Comment 35 Jonathan Clark 2024-07-05 21:59:17 UTC
(In reply to Eyal Rozenberg from comment #34)
> At the risk of stating the obvious... I take it you've tried git-blame'ing
> that code and asking the people who have worked on it?

Yes, I did. It looks like the bug was inherited from StarOffice. The most recent relevant work in this area was from 2001, by an author who hasn't contributed since 2002.

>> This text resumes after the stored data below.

Lemma deficit_lt_eventually : exists X, forall x, X <= x -> deficit x < alpha * eps * ln x.
Proof.
  assert (Hke : 0 < kap * eps) by nra.
  set (K := S (nfloor (alpha / (kap * eps)))).
  assert (HK : alpha < INR K * (kap * eps)).
  { assert (Hq : 0 <= alpha / (kap * eps)) by (apply Rle_mult_inv_pos; lra).
    pose proof (nfloor_gt _ Hq); unfold K; rewrite S_INR.
    apply (Rmult_lt_reg_r (/ (kap * eps))); [apply Rinv_0_lt_compat; lra |].
    rewrite Rmult_assoc, Rinv_r by lra; unfold Rdiv in *; lra. }
  assert (HpK : 0 < (1 - eps) ^ K) by (apply pow_lt; lra).
  exists (exp (L / (1 - eps) ^ K)); intros x Hx.
  assert (Hxp : 0 < x) by (pose proof (exp_pos (L / (1 - eps) ^ K)); lra).
  assert (Hlnx : L <= (1 - eps) ^ K * ln x).
  { apply ln_le in Hx; [| apply exp_pos]; rewrite ln_exp in Hx.
    replace L with ((1 - eps) ^ K * (L / (1 - eps) ^ K)) by (field; lra).
    apply Rmult_le_compat_l; lra. }
  apply Rnot_le_lt; intros Hdef.
  destruct (deficit_iterate K x (alpha * eps) Hxp Hlnx (Rle_refl _) Hdef) as [y [HLy Hdefy]].
  pose proof (deficit_le y).
  assert (0 < (alpha * eps + INR K * (kap * eps) - alpha) * ln y) by (apply Rmult_lt_0_compat; nra).
  lra.
Qed.

End GreedyPrimes.

Theorem lemma5 (g : nat -> R) (beta c : R)
  (hg : forall p, isprime p -> 0 <= g p <= beta)
  (hc : 0 < c)
  (hliminf : forall eps, 0 < eps < 1 ->
     forall eta, 0 < eta -> exists X, forall x, X <= x ->
       c - eta <= / (eps * ln x) *
         psum (fun p => isprime p /\ Rpower x (1 - eps) < INR p) (term g) x) :
  forall alpha, 0 < alpha < c ->
    exists S : nat -> Prop, (forall r, S r -> isprime r) /\
      forall eta, 0 < eta -> exists X, forall x, X <= x ->
        Rabs (/ ln x * psum S (term g) x - alpha) < eta.
Proof.
  intros alpha [Halpha Halpha_c].
  assert (Hg0 : forall p, isprime p -> 0 <= g p) by (intros p Hp; apply hg, Hp).
  assert (Hbeta : 0 <= beta) by (destruct (hg 2%nat prime_2); lra).
  exists (prime_selection g alpha); split; [apply prime_selection_prime |].
  intros eta Heta.
  destruct (exists_small_factor alpha eta Halpha Heta) as [eps [Heps Heps_eta]].
  set (kap := (c - alpha) / 2).
  assert (Hkap : 0 < kap) by (unfold kap; lra).
  destruct (hliminf eps Heps kap Hkap) as [X HX].
  destruct (deficit_lt_eventually g alpha Hg0 Halpha eps kap (ln (Rmax X 2)) Heps Hkap)
    as [X1 HX1].
  - rewrite <- ln_1; apply ln_increasing; [lra | pose proof (Rmax_r X 2); lra].
  - replace (alpha + kap) with (c - kap) by (unfold kap; lra).
    apply (le_mul_ln_of_le_inv_mul _ _ _ X (proj1 Heps) HX).
  - destruct (ln_eventually_gt (beta / eta)) as [X2 HX2].
    exists (Rmax X1 X2); intros x Hx.
    destruct (HX2 x ltac:(pose proof (Rmax_r X1 X2); lra)) as [Hx1 Hlnx].
    assert (Hbeta_eta : beta < eta * ln x).
    { replace beta with (eta * (beta / eta)) by (field; lra).
      apply Rmult_lt_compat_l; assumption. }
    pose proof (HX1 x ltac:(pose proof (Rmax_l X1 X2); lra)).
    pose proof (deficit_ge g alpha Hg0 Halpha beta x (fun p Hp => proj2 (hg p Hp)) Hbeta Hx1).
    rewrite psum_prime_selection; unfold deficit in *.
    apply Rabs_ratio_sub_lt; nra.
Qed.
(* Let $P\subset\mathbb{R}^4$ be the set of $(e_1,\dots,e_4)$ with $e_1\le e_2\le e_3\le e_4$ and $e_{i+j}\le e_i+e_j$ for all $i,j\ge1$ with $i+j\le4$. Let $Q\subset\mathbb{R}^4\times\mathbb{R}^5$ be the set of $(e_1,\dots,e_4,f_1,\dots,f_5)$ such that $e_1\le\dots\le e_4$, $f_1\le\dots\le f_5$, $2\sum_{k=1}^4e_k=\sum_{i=1}^5f_i$, and, writing $N=\sum_k e_k$ and $d^{(k)}_{ij}=f_i+f_j+e_k-N$: (i) $d^{(k)}_{ij}\ge0$ for all $1\le i<j\le5$, $1\le k\le4$ with $i+j+k=8$; (ii) if $d^{(1)}_{15}<0$, $d^{(1)}_{24}<0$ and $d^{(4)}_{12}<0$ then $d^{(1)}_{25}=0$. Let $\mathrm{pr}\colon\mathbb{R}^4\times\mathbb{R}^5\to\mathbb{R}^4$ be the projection to the first four coordinates. Then $\mathrm{pr}(Q\cap\mathbb{Z}^9)=P\cap\mathbb{Z}^4$. *)

(* Points of R^4 / R^5 are functions 'I_4 -> R, 'I_5 -> R;
   coordinates are accessed 1-based via [cd]. *)
From mathcomp Require Import all_boot all_order all_algebra.
Set Implicit Arguments. Unset Strict Implicit. Unset Printing Implicit Defensive.
Import Order.TTheory GRing.Theory Num.Theory.
Local Open Scope ring_scope.

Definition cd {R : Type} {n : nat} (x : 'I_n.+1 -> R) (k : nat) : R :=
  x (inord k.-1).

Definition inP {R : realDomainType} (e : 'I_4 -> R) : Prop :=
  (forall k : nat, (1 <= k < 4)%N -> cd e k <= cd e k.+1) /\
  (forall i j : nat, (1 <= i)%N -> (1 <= j)%N -> (i + j <= 4)%N ->
      cd e (i + j) <= cd e i + cd e j).

Definition Nsum {R : realDomainType} (e : 'I_4 -> R) : R := \sum_(k < 4) e k.

Definition dd {R : realDomainType} (e : 'I_4 -> R) (f : 'I_5 -> R)
  (k i j : nat) : R := cd f i + cd f j + cd e k - Nsum e.

Definition inQ {R : realDomainType} (e : 'I_4 -> R) (f : 'I_5 -> R) : Prop :=
  (forall k : nat, (1 <= k < 4)%N -> cd e k <= cd e k.+1) /\
  (forall k : nat, (1 <= k < 5)%N -> cd f k <= cd f k.+1) /\
  2 * Nsum e = \sum_(i < 5) f i /\
  (forall i j k : nat, (1 <= i)%N -> (i < j)%N -> (j <= 5)%N ->
      (1 <= k <= 4)%N -> (i + j + k = 8)%N -> 0 <= dd e f k i j) /\
  (dd e f 1 1 5 < 0 -> dd e f 1 2 4 < 0 -> dd e f 4 1 2 < 0 ->
      dd e f 1 2 5 = 0).

From mathcomp Require Import all_boot all_order all_algebra lra.
Import Order.TTheory GRing.Theory Num.Theory.
Local Open Scope ring_scope.

(* Both P and the fibres of Q are cut out by finitely many linear
   inequalities in the coordinates, so the theorem holds over any real
   domain.  Every defining inequality of P is a nonnegative combination of
   those of Q, hence pr(Q) lies in P.  Conversely P is covered by four
   regions, on each of which an explicit point of the fibre is given by
   linear forms in e with integer coefficients; integer points of P thus
   lift to integer points of Q. *)

Section Projection.
Variable R : realDomainType.
Implicit Types (e : 'I_4 -> R) (f : 'I_5 -> R).

Lemma Nsum_cd e : Nsum e = cd e 1 + cd e 2 + cd e 3 + cd e 4.
Proof.
rewrite /Nsum /cd !big_ord_recr big_ord0 /= add0r.
by congr (_ + _ + _ + _); congr e; apply/val_inj; rewrite /= inordK.
Qed.

Lemma sum_cd5 f : \sum_(i < 5) f i = cd f 1 + cd f 2 + cd f 3 + cd f 4 + cd f 5.
Proof.
rewrite /cd !big_ord_recr big_ord0 /= add0r.
by congr (_ + _ + _ + _ + _); congr f; apply/val_inj; rewrite /= inordK.
Qed.

Lemma cd_nth n (s : seq R) k :
  (0 < k <= n.+1)%N -> cd (fun i : 'I_n.+1 => s`_i) k = s`_k.-1.
Proof. by case: k => // k /andP[_ k_le]; rewrite /cd inordK. Qed.

Lemma inPE e : inP e <->
  [/\ [/\ cd e 1 <= cd e 2, cd e 2 <= cd e 3 & cd e 3 <= cd e 4],
      cd e 2 <= cd e 1 + cd e 1, cd e 3 <= cd e 1 + cd e 2,
      cd e 4 <= cd e 1 + cd e 3 & cd e 4 <= cd e 2 + cd e 2].
Proof.
split=> [[mon sub]|[[? ? ?] ? ? ? ?]].
  by split; [split; apply: mon | exact: (sub 1 1) | exact: (sub 1 2)
          | exact: (sub 1 3) | exact: (sub 2 2)].
split=> [[|[|[|[|k]]]] // *| [|[|[|[|i]]]] [|[|[|[|j]]]] //=];
  rewrite ?(addSn, addnS) //= => *; lra.
Qed.

Lemma inQE e f : inQ e f <->
  [/\ [/\ cd e 1 <= cd e 2, cd e 2 <= cd e 3 & cd e 3 <= cd e 4],
      [/\ cd f 1 <= cd f 2, cd f 2 <= cd f 3, cd f 3 <= cd f 4
        & cd f 4 <= cd f 5],
      2 * Nsum e = cd f 1 + cd f 2 + cd f 3 + cd f 4 + cd f 5,
      [/\ 0 <= dd e f 1 2 5, 0 <= dd e f 1 3 4, 0 <= dd e f 2 1 5,
          0 <= dd e f 2 2 4
        & [/\ 0 <= dd e f 3 1 4, 0 <= dd e f 3 2 3 & 0 <= dd e f 4 1 3]]
    & (dd e f 1 1 5 < 0 -> dd e f 1 2 4 < 0 -> dd e f 4 1 2 < 0 ->
         dd e f 1 2 5 = 0)].
Proof.
rewrite /inQ sum_cd5; split.
  move=> [monE [monF [sumEF [d_ge0 d125]]]].
  by split=> //; do ?split; do ?[apply: monE | apply: monF | apply: d_ge0].
move=> [[? ? ?] [? ? ? ?] ? [? ? ? ? [? ? ?]] ?].
split; first by case=> [|[|[|[|k]]]].
split; first by case=> [|[|[|[|[|k]]]]].
split=> //; split=> // i j k.
by case: i => [|[|[|[|[|i]]]]]; case: j => [|[|[|[|[|[|j]]]]]];
   case: k => [|[|[|[|[|k]]]]].
Qed.

Lemma inQ_inP e f : inQ e f -> inP e.
Proof.
move=> /inQE[[? ? ?] [? ? ? ?]]; rewrite /dd Nsum_cd => ? [? ? ? ? [? ? ?]] _.
by apply/inPE; do ?split; lra.
Qed.

Definition Qwitness_seq (a b c d : R) : seq R :=
  if d <= 2 * a then [:: d; b + d - a; a + b; a + c; a + c]
  else if (2 * a + c <= b + d) && (a + c <= 2 * b) then
    [:: 2 * a; a + b; a + c; b + d - a; c + d - a]
  else if (3 * b <= c + d) && (2 * b <= a + c) then
    [:: 2 * a; a + b; 2 * b; c + d - b; c + d - a]
  else [:: 2 * a; d; b + d - a; a + c; b + c].

Definition Qwitness e : 'I_5 -> R :=
  fun i => (Qwitness_seq (cd e 1) (cd e 2) (cd e 3) (cd e 4))`_i.

Lemma inP_inQ_witness e : inP e -> inQ e (Qwitness e).
Proof.
move=> /inPE[[? ? ?] ? ? ? ?]; apply/inQE.
rewrite /dd Nsum_cd /Qwitness !cd_nth //= /Qwitness_seq.
case: ifP => [?|/negbT] /=; first by split; do ?split; lra.
rewrite -ltNge => ?; case: ifP => [/andP[? ?]|/negbT] /=.
  by split; do ?split; lra.
rewrite negb_and -!ltNge => /orP region2; case: ifP => [/andP[? ?]|/negbT] /=.
  by split; do ?split; case: region2; lra.
rewrite negb_and -!ltNge => /orP region3.
by split; do ?split; case: region2 => ?; case: region3 => ?; lra.
Qed.

End Projection.

Theorem lemma6p2 (e : 'I_4 -> int) :
  inP e <-> exists f : 'I_5 -> int, inQ e f.
Proof.
split=> [/inP_inQ_witness ?|[f /inQ_inP]] //.
by exists (Qwitness _ e).
Qed.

This far out, I think it's best to rely on what the code says. I'm not sure if the current behavior for other multi portions is correct, but it's definitely wrong for bidi portions. It's easy enough to limit the impact of a fix to bidi portions, and then extend it later if needed.
Comment 36 Commit Notification 2024-07-08 23:32:32 UTC
Jonathan Clark committed a patch related to this issue.
It has been pushed to "master":

https://git.libreoffice.org/core/commit/6a54d08e6e52623f9769d17d7ea7390052cb275b

tdf#56408 Writer always breaks lines at text direction change

It will be available in 25.2.0.

The patch should be included in the daily builds available at
https://dev-builds.libreoffice.org/daily/ in the next 24-48 hours. More
information about daily builds can be found at:
https://wiki.documentfoundation.org/Testing_Daily_Builds

Affected users are encouraged to test the fix and report feedback.
Comment 37 Commit Notification 2024-07-10 20:14:10 UTC
Jonathan Clark committed a patch related to this issue.
It has been pushed to "libreoffice-24-8":

https://git.libreoffice.org/core/commit/e110c64b8d260435b69fe71e40fc6c6e2b9b4e07

tdf#56408 Writer always breaks lines at text direction change

It will be available in 24.8.0.2.

The patch should be included in the daily builds available at
https://dev-builds.libreoffice.org/daily/ in the next 24-48 hours. More
information about daily builds can be found at:
https://wiki.documentfoundation.org/Testing_Daily_Builds

Affected users are encouraged to test the fix and report feedback.
Comment 38 Commit Notification 2024-07-18 22:28:41 UTC
Jonathan Clark committed a patch related to this issue.
It has been pushed to "master":

https://git.libreoffice.org/core/commit/e9a37656b75b4ce82b3e48af727f03f386e64a08

(related tdf#56408) crashtesting: assert on exporting ooo30385-2.doc to odt

It will be available in 25.2.0.

The patch should be included in the daily builds available at
https://dev-builds.libreoffice.org/daily/ in the next 24-48 hours. More
information about daily builds can be found at:
https://wiki.documentfoundation.org/Testing_Daily_Builds

Affected users are encouraged to test the fix and report feedback.
Comment 39 Commit Notification 2024-07-19 09:27:17 UTC
Jonathan Clark committed a patch related to this issue.
It has been pushed to "libreoffice-24-8":

https://git.libreoffice.org/core/commit/ebe618f7b34eaede61cfe8141b2adc2a269d3e7e

(related tdf#56408) crashtesting: assert on exporting ooo30385-2.doc to odt

It will be available in 24.8.0.2.

The patch should be included in the daily builds available at
https://dev-builds.libreoffice.org/daily/ in the next 24-48 hours. More
information about daily builds can be found at:
https://wiki.documentfoundation.org/Testing_Daily_Builds

Affected users are encouraged to test the fix and report feedback.
Comment 40 Eyal Rozenberg 2024-10-03 21:55:49 UTC
Jonathan, what about other modules? Are we certain the problematic behavior doesn't manifest elsewhere?